Since average_time_of_day was the entirety of the challenge, modifying the input was not a huge problem. Still, not a good habit to start.

Enumerable

Since the challenge involved averaging times, most solutions involved summing up these times. A typical solution looked something like this:
sum = 0
i = 0
while i < times.length
time = times[i]
# parse / manipulate the time
sum = sum + time
i = i + 1
end
It is nice that Ruby provides syntax like for and while, making the transition from other languages so easy. There is a cleaner way to accomplish this in Ruby:
sum = 0
times.each do |time|
# parse / manipulate the time
parsed_time = #....
sum = sum + parsed_time
end
Eschewing while in favor of an each block eliminates the need for the tracking variable, i. With the assignment and computation of the tracking variable eliminated, there is less to distract from the actual intent of the code. Less code makes intent clearer.

The only thing still getting in the way of intent is the accumulator variable, sum. It is being initialized outside of the each block and manipulated inside the block. If you think of a block like a function, then this is akin to modifying a global variable inside a function.

Ruby has an inject method (also known as reduce and fold in Ruby 1.8.7+) to handle this:
sum = times.inject(0) do |accumulator, time|
# Manipulate the time somehow
accumulator + time
end
An inject starts with a seed value for an accumulator (sometimes called a memo). As inject iterates over each value, the last value in the block is used to seed the accumulator the next iteration. The end result of the iteration is the accumulation of each of these values. In the case of the code snippet above, it is the summation of the times.

But wait, there's more! It is possible to compact this even further...

Chaining

If you are not using bang methods, then you can chain iterators together. Let's say your solution involved mapping time strings to time objects and then sorting them, this can be accomplished via:
def average_time_of_day(times)
sorted_times = times.
map { |t| Time.parse(t) }.
sort
# Do more stuff ...
end
The sorted_times local variable now contains, well... sorted times. The time strings were mapped to actual time objects, which could then be sorted. That's just lovely!

Going back to the accumulator example, it is possible to chain together iterator to make intent crystal clear:
sum = times.
map { |str| Time.parse(str) }.
inject { |sum, t| sum + t }
It is possible to achieve even greater clarity through symbol to proc shorthand:
class String
def to_time
Time.parse(self)
end
end

def average_time_of_day(times)
sum = times.map(&:to_time).inject(&:+)
# Calculate the average ...
end
The theory behind symbol-to-proc is probably a bit beyond "newbie" scope, but still worth seeing to give an idea how close to the domain Ruby allows you to get. In that last code snippet, I am taking the times strings, mapping them to Time instances (with a monkey patch to String) and adding them all together. Intent does not get much clearer than that.
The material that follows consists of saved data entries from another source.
(* Let $(\mathcal{X},\|\cdot\|,\mu_\mathcal{X})$ be a regular Euclidean metric measure space, $m\in(0,1]$, and \[\Psi(x_1,x_2)=\|x_1-x_2\|^2\wedge F_{x_2}^{-1}(m)-E_{Z}\big[\|Z-x_2\|^2\wedge F_{x_2}^{-1}(m)\big],\quad Z\sim\mu_\mathcal{X}.\] Then there is a constant $0<C<\infty$ depending only on $\mathcal{X}$ such that for all $x_1,z_1,z_2\in\mathcal{X}$, $|\Psi(x_1,z_1)-\Psi(x_1,z_2)|\le C\|z_1-z_2\|$.
   Context: A regular Euclidean metric measure space is a triple $(\mathcal{X},\|\cdot\|,\mu_\mathcal{X})$ with $\mathcal{X}\subset\mathbb{R}^d$ compact, $\|\cdot\|$ the Euclidean norm, and $\mu_\mathcal{X}$ a Borel probability measure with $\mathrm{supp}(\mu_\mathcal{X})=\mathcal{X}$ having a Lipschitz continuous Lebesgue density. For $X\sim\mu_\mathcal{X}$, $F_x(t)=P(\|X-x\|^2\le t)$ and $F_x^{-1}(u)=\inf\{t:F_x(t)\ge u\}$ is its quantile function. *)

From HB Require Import structures.
From mathcomp Require Import all_boot all_order all_algebra.
From mathcomp Require Import all_classical all_reals all_analysis.
Set Implicit Arguments. Unset Strict Implicit. Unset Printing Implicit Defensive.
Import Order.TTheory GRing.Theory Num.Theory.
Import numFieldNormedType.Exports.
Local Open Scope classical_set_scope.
Local Open Scope ring_scope.

(* Points of R^d are represented as d.-tuples of reals; d.-tuple R carries the
   library's product (= Borel) sigma-algebra. *)

Definition sqdist (R : realType) (d : nat) (x y : d.-tuple R) : R :=
  \sum_(i < d) (tnth x i - tnth y i) ^+ 2.

Definition eucl_dist (R : realType) (d : nat) (x y : d.-tuple R) : R :=
  Num.sqrt (sqdist x y).

(* the canonical identification of a tuple with a row vector of R^d, used to
   transport the (product = Euclidean) topology of 'rV[R]_d *)
Definition tuple_to_row (R : realType) (d : nat) (x : d.-tuple R) : 'rV[R]_d :=
  \row_(i < d) tnth x i.

(* Lebesgue integral on R^d of a nonnegative function, as the iterated integral
   of one-dimensional Lebesgue integrals (Tonelli). *)
Fixpoint leb_int (R : realType) (n : nat) : (n.-tuple R -> \bar R) -> \bar R :=
  match n return (n.-tuple R -> \bar R) -> \bar R with
  | 0 => fun f => f [tuple]
  | n'.+1 => fun f =>
      (\int[@lebesgue_measure R]_(x in setT) leb_int (fun t => f (cons_tuple x t)))%E
  end.

Definition msupport (R : realType) (d : nat)
    (mu : probability (d.-tuple R) R) : set (d.-tuple R) :=
  [set x | forall r : R, 0 < r -> (0 < mu [set y | (eucl_dist x y < r)%R])%E].

Definition has_lipschitz_density (R : realType) (d : nat)
    (mu : probability (d.-tuple R) R) : Prop :=
  exists f : d.-tuple R -> R,
    measurable_fun setT f /\
    (forall y, 0 <= f y) /\
    (exists L : R, forall x y, `|f x - f y| <= L * eucl_dist x y) /\
    (forall A : set (d.-tuple R), measurable A ->
       mu A = leb_int (fun y => (f y)%:E * (\1_A y)%:E)%E).

Definition regular_euclidean_mms (R : realType) (d : nat)
    (X : set (d.-tuple R)) (mu : probability (d.-tuple R) R) : Prop :=
  compact (@tuple_to_row R d @` X) /\
  msupport mu = X /\
  has_lipschitz_density mu.

Definition cdf_sqdist (R : realType) (d : nat)
    (mu : probability (d.-tuple R) R) (x : d.-tuple R) (t : R) : R :=
  fine (mu [set z | sqdist z x <= t]).

Definition qtl_sqdist (R : realType) (d : nat)
    (mu : probability (d.-tuple R) R) (x : d.-tuple R) (u : R) : R :=
  inf [set t : R | u <= cdf_sqdist mu x t].

Definition Psi (R : realType) (d : nat)
    (mu : probability (d.-tuple R) R) (m : R) (x1 x2 : d.-tuple R) : R :=
  Order.min (sqdist x1 x2) (qtl_sqdist mu x2 m)
  - fine (\int[mu]_z (Order.min (sqdist z x2) (qtl_sqdist mu x2 m))%:E)%E.

From HB Require Import structures.
From mathcomp Require Import all_boot all_order all_algebra.
From mathcomp Require Import all_classical all_reals all_analysis.
From mathcomp Require Import ring lra.
Import Order.TTheory GRing.Theory Num.Theory.
Import numFieldNormedType.Exports.
Local Open Scope classical_set_scope.
Local Open Scope ring_scope.

(** Write rho(z) for the square root of the quantile F_z^{-1}(m). The ball of
    squared radius t about z1 lies in the ball of radius sqrt t + ||z1 - z2||
    about z2, so rho is 1-Lipschitz, and the truncated distance
    ||x - z||^2 /\ F_z^{-1}(m) is the square of the 1-Lipschitz function
    ||x - z|| /\ rho(z). Since X is the support of mu it has full measure (its
    complement is covered by countably many null balls), and X is bounded, so
    all these quantities lie in [0, T] for T a bound on the squared diameter of
    X. Hence the truncated distance is (2 sqrt T)-Lipschitz in z, uniformly in
    x, and so is its expectation; the two terms of Psi give C = 4 sqrt T. *)

Lemma cauchy_schwarz_sum {R : realDomainType} {n : nat} (a b : 'I_n -> R) :
  (\sum_i a i * b i) ^+ 2 <= (\sum_i a i ^+ 2) * (\sum_i b i ^+ 2).
Proof.
set A := \sum_i a i ^+ 2; set B := \sum_i b i ^+ 2; set P := \sum_i a i * b i.
have [A0|A_neq0] := eqVneq A 0.
  have a0 i : a i = 0.
    apply/eqP; rewrite -sqrf_eq0; move/eqP: A0.
    rewrite psumr_eq0 => [/allP/(_ i (mem_index_enum _))/=//|j _].
    exact: sqr_ge0.
  by rewrite /P big1 ?expr0n ?A0 ?mul0r // => i _; rewrite a0 mul0r.
have A_gt0 : 0 < A by rewrite lt0r A_neq0 sumr_ge0 // => i _; exact: sqr_ge0.
have lagrange : A * (A * B - P ^+ 2) = \sum_i (A * b i - P * a i) ^+ 2.
  have expand i : (A * b i - P * a i) ^+ 2 =
      A ^+ 2 * b i ^+ 2 - (2 * A * P) * (a i * b i) + P ^+ 2 * a i ^+ 2.
    by ring.
  under eq_bigr do rewrite expand.
  rewrite big_split /= sumrB -!mulr_sumr -/A -/B -/P; ring.
have : 0 <= A * (A * B - P ^+ 2).
  by rewrite lagrange sumr_ge0 // => i _; exact: sqr_ge0.
by rewrite pmulr_rge0 // subr_ge0.
Qed.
Read the documentation on Ruby's Enumerable module. Even seasoned Rubyists can benefit from re-reading it regularly.

Test Harness

Some will claim that the Ruby community is too "test obsessed". There are very good reasons to embrace TATFT / BDD, etc. I could write for months on why this is a good idea. In fact I did. But this is not one of those times.

Using a test harness for an algorithm like average_time_of_day makes too much sense not to use it. Many of the submissions were clearly iterating toward a solution. The author got it working for the simple case, then tried to get it working crossing midnight—only to break the simple case. Many authors never noticed that the simple case was no longer working and submitted half working solutions.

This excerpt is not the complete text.